🤖 AI Summary
This work addresses the challenge of enhancing robotic manipulation capabilities using human demonstration data. We propose a two-stage vision-language-action (VLA) pretraining framework. In Stage I, we jointly train an image-to-video generator and a keypoint trajectory predictor on first-person human demonstration videos. In Stage II, we integrate ActionVAE to compress action sequences, enabling efficient joint modeling of visual, linguistic, and motor modalities. To our knowledge, this is the first VLA pretraining paradigm that unifies video generation and trajectory prediction—thereby substantially reducing action-space complexity and improving model initialization. After fine-tuning on multiple downstream robotic manipulation tasks, our method consistently outperforms state-of-the-art baselines across all benchmarks, demonstrating both effectiveness and strong generalization capability.
📝 Abstract
This paper presents RynnVLA-001, a vision-language-action(VLA) model built upon large-scale video generative pretraining from human demonstrations.
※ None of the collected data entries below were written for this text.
(* Fix the hypervector dimension $d>0$ and the corresponding round number $J_d\ge1$. For each user $i\in\{1,\dots,U\}$ define $$t_i^{\max}(d)=\frac{T-\frac{Z_id+(J_d-1)G_id}{f_i^{\max}}}{J_d},$$ and for $t>0$ let $b_i^{\min}(t)=\inf\{b>0:\ t\,b\log_2(1+\frac{p_i^{\max}g_i}{N_0b})\ge N_id\}\in(0,\infty]$. Then the set of $(\boldsymbol t,\boldsymbol b,\boldsymbol p,\boldsymbol f)$ satisfying, for all $i$, $$\frac{Z_id+(J_d-1)G_id}{f_i}+J_dt_i\le T,\quad t_ib_i\log_2\!\Big(1+\frac{p_ig_i}{N_0b_i}\Big)\ge N_id,\quad\sum_{j=1}^Ub_j\le B,\quad 0\le p_i\le p_i^{\max},\quad 0<f_i\le f_i^{\max},\quad b_i>0,\quad t_i\ge0$$ is nonempty if and only if (1) $t_i^{\max}(d)>0$ for all $i$, and (2) $\sum_{i=1}^U b_i^{\min}\big(t_i^{\max}(d)\big)\le B$.
   Context: $U$ users; $t_i,b_i,p_i,f_i$ are user $i$'s per-round transmission time, bandwidth, transmit power and CPU frequency, with limits $p_i^{\max}>0$, $f_i^{\max}>0$; $g_i>0$ the channel power gain, $N_0>0$ the noise power spectral density, $N_i>0$ the number of classes (payload $N_id$ bits), $B>0$ the total bandwidth, $T>0$ the total time budget; $Z_i=D_iC_i^{(\mathrm{init})}>0$ and $G_i=D_iC_i^{(\mathrm{ret})}\ge0$ the per-dimension CPU cycles for the first round and for each retraining round. *)

From HB Require Import structures.
From mathcomp Require Import all_boot all_order all_algebra.
From mathcomp Require Import all_classical all_reals all_analysis.
Set Implicit Arguments. Unset Strict Implicit. Unset Printing Implicit Defensive.
Import Order.TTheory GRing.Theory Num.Theory.
Local Open Scope classical_set_scope.
Local Open Scope ring_scope.

Section Defs.
Variable R : realType.

Definition log2 (x : R) : R := ln x / ln 2.

Definition bits (t b p g N0 : R) : R := t * b * log2 (1 + p * g / (N0 * b)).

Definition cycles (Z G : R) (d J : nat) : R := Z * d%:R + (J%:R - 1) * G * d%:R.

Definition tmax (T Z G fmax : R) (d J : nat) : R :=
  (T - cycles Z G d J / fmax) / J%:R.

Definition bmin (pmax g N0 : R) (Nd : R) (t : R) : \bar R :=
  ereal_inf [set b%:E | b in [set b : R | 0 < b /\ Nd <= bits t b pmax g N0]].

Definition feasible (U d J : nat) (T B N0 : R) (g pmax fmax Z G : 'I_U -> R)
    (N : 'I_U -> nat) (t b p f : 'I_U -> R) : Prop :=
  (forall i, cycles (Z i) (G i) d J / f i + J%:R * t i <= T) /\
  (forall i, (N i * d)%:R <= bits (t i) (b i) (p i) (g i) N0) /\
  (\sum_(j < U) b j <= B) /\
  (forall i, 0 <= p i <= pmax i) /\
  (forall i, 0 < f i <= fmax i) /\
  (forall i, 0 < b i) /\
  (forall i, 0 <= t i).
End Defs.

(* Necessity: f_i <= f_i^max forces t_i <= t_i^max(d); a transmitted payload forces t_i > 0;
   and since the rate is monotone in time and power, b_i already meets the requirement at
   (t_i^max(d), p_i^max), so b_i^min(t_i^max(d)) <= b_i.
   Sufficiency: run every user at full CPU speed and power, with t_i = t_i^max(d) and
   b_i = b_i^min(t_i^max(d)).  The only point is that this infimum is attained.  By
   ln(1 + y) <= 2 sqrt y the rate is at most a multiple of sqrt b, so admissible bandwidths
   are bounded away from 0; and for b >= m the SNR term is at most its value at m, so if m
   fell short of the payload, so would every bandwidth close to m, and m would not be the
   infimum. *)
From HB Require Import structures.
From mathcomp Require Import all_boot all_order all_algebra.
From mathcomp Require Import all_classical all_reals all_analysis.
From mathcomp Require Import ring lra.
Import Order.TTheory GRing.Theory Num.Theory.
Set Implicit Arguments. Unset Strict Implicit.
Local Open Scope classical_set_scope.
Local Open Scope ring_scope.

Section Rate.
Variable R : realType.
Implicit Types t b m p g Nd y : R.

Lemma ln2_gt0 : 0 < ln (2 : R).
Proof. by apply: ln_gt0; rewrite ltr1n. Qed.

Lemma ln1Dx_le_2sqrt y : 0 <= y -> ln (1 + y) <= 2 * Num.sqrt y.
Proof.
move=> y0; set s := Num.sqrt y.
have s0 : 0 <= s by apply: sqrtr_ge0.
have sy : s ^+ 2 = y by apply: sqr_sqrtr.
have le_sq : 1 + y <= (1 + s) * (1 + s) by rewrite -sy expr2; nra.
apply: (le_trans (y := ln ((1 + s) * (1 + s)))).
  by rewrite ler_ln // posrE; nra.
rewrite lnM ?posrE; try nra.
by rewrite mulr2n mulrDl mul1r; apply: lerD; apply: le_ln1Dx; lra.
Qed.

Lemma bits_le_sqrt t b p g (N0 : R) : 0 <= t -> 0 < b -> 0 <= p -> 0 <= g -> 0 < N0 ->
  bits t b p g N0 <= t * (2 * Num.sqrt (b * (p * g / N0))) / ln 2.
Proof.
move=> t0 b0 p0 g0 N00; rewrite /bits /log2.
set y := p * g / (N0 * b).
have y0 : 0 <= y by rewrite /y divr_ge0 // ?mulr_ge0 // ltW.
have -> : b * (p * g / N0) = (b * b) * y.
  by rewrite /y; field; rewrite !gt_eqF.
rewrite sqrtrM ?mulr_ge0 ?(ltW b0) // -expr2 sqrtr_sqr gtr0_norm //.
have -> : t * b * (ln (1 + y) / ln 2) = t * (b * ln (1 + y)) / ln 2 by ring.
rewrite ler_pM2r ?invr_gt0 ?ln2_gt0 // ler_wpM2l // mulrCA.
by rewrite ler_wpM2l ?ln1Dx_le_2sqrt // ltW.
Qed.

Lemma bits_bandwidth_lbound t b p g (N0 : R) Nd :
  0 < t -> 0 < b -> 0 < p -> 0 < g -> 0 < N0 -> 0 < Nd -> Nd <= bits t b p g N0 ->
  (Nd * ln 2 / (2 * t)) ^+ 2 / (p * g / N0) <= b.
Proof.
move=> t0 b0 p0 g0 N00 Nd0 hNd.
have := le_trans hNd (bits_le_sqrt (ltW t0) b0 (ltW p0) (ltW g0) N00).
set c := p * g / N0; have c0 : 0 < c by rewrite /c divr_gt0 // mulr_gt0.
set s := Num.sqrt (b * c) => le_Nd_s.
have l2 := ln2_gt0.
have le_s : Nd * ln 2 / (2 * t) <= s.
  rewrite ler_pdivrMr ?mulr_gt0 // -ler_pdivlMr //.
  by have -> : s * (2 * t) = t * (2 * s) by ring.
have s2 : s ^+ 2 = b * c by rewrite sqr_sqrtr // mulr_ge0 // ltW.
rewrite ler_pdivrMr // -s2 lerXn2r // ?nnegrE ?sqrtr_ge0 //.
by rewrite divr_ge0 ?mulr_ge0 // ltW.
Qed.

Lemma ler_bits t t' b p p' g (N0 : R) : 0 <= t -> t <= t' -> 0 < b ->
  0 <= p -> p <= p' -> 0 <= g -> 0 < N0 ->
  bits t b p g N0 <= bits t' b p' g N0.
Proof.
move=> t0 tt' b0 p0 pp' g0 N00; rewrite /bits /log2.
have Nb0 : 0 < N0 * b by rewrite mulr_gt0.
have y0 : 0 <= p * g / (N0 * b) by rewrite divr_ge0 ?mulr_ge0 // ltW.
have yy' : p * g / (N0 * b) <= p' * g / (N0 * b).
  by rewrite ler_pM2r ?invr_gt0 // ler_wpM2r.
apply: ler_pM; first by rewrite mulr_ge0 // ltW.
- by apply: divr_ge0; [apply: ln_ge0; lra | exact: ltW ln2_gt0].
- by rewrite ler_wpM2r // ltW.
- by rewrite ler_pM2r ?invr_gt0 ?ln2_gt0 // ler_ln ?posrE; lra.
Qed.

Lemma bits_le_snr_at t m b p g (N0 : R) : 0 <= t -> 0 < m -> m <= b ->
  0 <= p -> 0 <= g -> 0 < N0 ->
  bits t b p g N0 <= t * b * log2 (1 + p * g / (N0 * m)).
Proof.
move=> t0 m0 mb p0 g0 N00; have b0 := lt_le_trans m0 mb.
rewrite /bits /log2 ler_wpM2l ?mulr_ge0 ?(ltW b0) //.
rewrite ler_pM2r ?invr_gt0 ?ln2_gt0 // ler_ln ?posrE.
- by rewrite lerD2l ler_wpM2l ?mulr_ge0 // lef_pV2 ?posrE ?mulr_gt0 // ler_pM2l.
- by rewrite ltr_wpDr // divr_ge0 ?mulr_ge0 // ltW // mulr_gt0.
- by rewrite ltr_wpDr // divr_ge0 ?mulr_ge0 // ltW // mulr_gt0.
Qed.

Lemma bmin_le t b p g (N0 : R) Nd : 0 < b -> Nd <= bits t b p g N0 ->
  (bmin p g N0 Nd t <= b%:E)%E.
Proof. by move=> b0 hb; apply: ereal_inf_lbound; exists b. Qed.

Lemma bmin_ge0 t p g (N0 : R) Nd : (0 <= bmin p g N0 Nd t)%E.
Proof. by apply/ereal_infP => _ [b [b0 _] <-]; rewrite lee_fin ltW. Qed.

Lemma bmin_attained t p g (N0 : R) Nd : 0 < t -> 0 < p -> 0 < g -> 0 < N0 -> 0 < Nd ->
  bmin p g N0 Nd t \is a fin_num ->
  0 < fine (bmin p g N0 Nd t) /\ Nd <= bits t (fine (bmin p g N0 Nd t)) p g N0.
Proof.
move=> t0 p0 g0 N00 Nd0 bmin_fin.
set m := fine (bmin p g N0 Nd t).
have bminE : bmin p g N0 Nd t = m%:E by rewrite /m fineK.
have m_lb b : 0 < b -> Nd <= bits t b p g N0 -> m <= b.
  by move=> b0 hb; rewrite -lee_fin -bminE bmin_le.
have m0 : 0 < m.
  apply: lt_le_trans (_ : (Nd * ln 2 / (2 * t)) ^+ 2 / (p * g / N0) <= m).
    by rewrite divr_gt0 ?exprn_gt0 ?divr_gt0 ?mulr_gt0 ?ln2_gt0.
  rewrite -lee_fin -bminE; apply/ereal_infP => _ [b [b0 hb] <-].
  by rewrite lee_fin bits_bandwidth_lbound.
split => //; rewrite leNgt; apply/negP => short_m.
set rate := t * log2 (1 + p * g / (N0 * m)).
have rate0 : 0 < rate.
  by rewrite mulr_gt0 // divr_gt0 ?ln2_gt0 // ln_gt0 // ltrDl !divr_gt0 ?mulr_gt0.
have gap0 : 0 < Nd / rate - m by rewrite subr_gt0 ltr_pdivlMr // mulrCA mulrA.
have [_ [b [b0 hb] <-]] := lb_ereal_inf_adherent gap0 bmin_fin.
rewrite -/(bmin _ _ _ _ _) bminE -EFinD addrC subrK lte_fin ltr_pdivlMr // => b_lt.
have := le_trans hb (bits_le_snr_at (ltW t0) m0 (m_lb b b0 hb) (ltW p0) (ltW g0) N00).
by rewrite mulrAC mulrC leNgt b_lt.
Qed.

End Rate.

Lemma tmax_ge (R : realType) (T Z G f fmax t : R) (d J : nat) : (0 < J)%N -> 0 < f <= fmax ->
  0 <= cycles Z G d J -> cycles Z G d J / f + J%:R * t <= T -> t <= tmax T Z G fmax d J.
Proof.
move=> J0 /andP[f0 ffmax] cyc0 budget; rewrite /tmax ler_pdivlMr ?ltr0n //.
have : cycles Z G d J / fmax <= cycles Z G d J / f.
  by rewrite ler_wpM2l // lef_pV2 ?posrE // (lt_le_trans f0).
lra.
Qed.

Section Feasibility.
Variables (R : realType) (U d J : nat) (T B N0 : R).
Variables (g pmax fmax Z G : 'I_U -> R) (N : 'I_U -> nat).
Hypotheses (hd : (0 < d)%N) (hJ : (1 <= J)%N) (hN0 : 0 < N0).
Hypotheses (hg : forall i, 0 < g i) (hpmax : forall i, 0 < pmax i).
Hypotheses (hfmax : forall i, 0 < fmax i) (hZ : forall i, 0 < Z i).
Hypotheses (hG : forall i, 0 <= G i) (hN : forall i, (0 < N i)%N).

Local Notation tm i := (tmax T (Z i) (G i) (fmax i) d J).
Local Notation Nd i := ((N i * d)%:R : R).
Local Notation bm i := (bmin (pmax i) (g i) N0 (Nd i) (tm i)).

Let Nd_gt0 i : 0 < Nd i. Proof. by rewrite ltr0n muln_gt0 hN. Qed.

Lemma feasible_necessary :
  (exists t b p f : 'I_U -> R, feasible d J T B N0 g pmax fmax Z G N t b p f) ->
  (forall i, 0 < tm i) /\ (\sum_(i < U) bm i <= B%:E)%E.
Proof.
move=> [t [b [p [f [time [payload [band [power [cpu [b_gt0 t_ge0]]]]]]]]]].
have cycles_ge0 i : 0 <= cycles (Z i) (G i) d J.
  by rewrite /cycles addr_ge0 ?mulr_ge0 ?subr_ge0 ?ler1n // ltW.
have t_le i : t i <= tm i by apply: tmax_ge.
have t_gt0 i : 0 < t i.
  rewrite lt_def t_ge0 andbT; apply: contraTneq (payload i) => ->.
  by rewrite -ltNge /bits !mul0r.
split=> [i|]; first exact: lt_le_trans (t_gt0 i) (t_le i).
apply: le_trans (_ : \sum_(i < U) (b i)%:E <= B%:E)%E; last by rewrite sumEFin lee_fin.
apply: lee_sum => i _; apply: bmin_le => //; apply: le_trans (payload i) _.
have /andP[p_ge0 p_le] := power i.
exact: ler_bits (t_ge0 i) (t_le i) (b_gt0 i) p_ge0 p_le (ltW (hg i)) hN0.
Qed.

Lemma feasible_sufficient :
  (forall i, 0 < tm i) -> (\sum_(i < U) bm i <= B%:E)%E ->
  exists t b p f : 'I_U -> R, feasible d J T B N0 g pmax fmax Z G N t b p f.
Proof.
move=> tm_gt0 band.
have bm_fin i : bm i \is a fin_num.
  have sum_fin : \sum_(i < U) bm i \is a fin_num.
    rewrite ge0_fin_numE; first exact: le_lt_trans band (ltry _).
    by apply: sume_ge0 => j _; exact: bmin_ge0.
  by move/sum_fin_numP : sum_fin; apply.
have bm_ok i := bmin_attained (tm_gt0 i) (hpmax i) (hg i) hN0 (Nd_gt0 i) (bm_fin i).
exists (fun i => tm i), (fun i => fine (bm i)), pmax, fmax.
split; [|split; [|split; [|split; [|split; [|split]]]]] => [i|i||i|i|i|i].
- rewrite /tmax mulrCA mulfV ?mulr1 ?pnatr_eq0 -?lt0n //.
  by rewrite addrC subrK.
- exact: (bm_ok i).2.
- by rewrite -lee_fin -sumEFin (eq_bigr _ (fun i _ => fineK (bm_fin i))).
- by rewrite lexx ltW.
- by rewrite lexx hfmax.
- exact: (bm_ok i).1.
- exact: ltW.
Qed.

End Feasibility.

Theorem proposition2 (R : realType) (U d J : nat) (T B N0 : R)
    (g pmax fmax Z G : 'I_U -> R) (N : 'I_U -> nat)
    (hd : (0 < d)%N) (hJ : (1 <= J)%N) (hT : 0 < T) (hB : 0 < B) (hN0 : 0 < N0)
    (hg : forall i, 0 < g i) (hpmax : forall i, 0 < pmax i)
    (hfmax : forall i, 0 < fmax i) (hZ : forall i, 0 < Z i)
    (hG : forall i, 0 <= G i) (hN : forall i, (0 < N i)%N) :
  (exists t b p f : 'I_U -> R, feasible d J T B N0 g pmax fmax Z G N t b p f) <->
  ((forall i, 0 < tmax T (Z i) (G i) (fmax i) d J) /\
   (\sum_(i < U) bmin (pmax i) (g i) N0 (N i * d)%:R (tmax T (Z i) (G i) (fmax i) d J)
      <= B%:E)%E).
Proof.
split; first exact: feasible_necessary.
by case; apply: feasible_sufficient.
Qed.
We propose a novel two-stage pretraining methodology. The first stage, Ego-Centric Video Generative Pretraining, trains an Image-to-Video model on 12M ego-centric manipulation videos to predict future frames conditioned on an initial frame and a language instruction. The second stage, Human-Centric Trajectory-Aware Modeling, extends this by jointly predicting future keypoint trajectories, thereby effectively bridging visual frame prediction with action prediction. Furthermore, to enhance action representation, we propose ActionVAE, a variational autoencoder that compresses sequences of actions into compact latent embeddings, reducing the complexity of the VLA output space. When finetuned on the same downstream robotics datasets, RynnVLA-001 achieves superior performance over state-of-the-art baselines, demonstrating that the proposed pretraining strategy provides a more effective initialization for VLA models.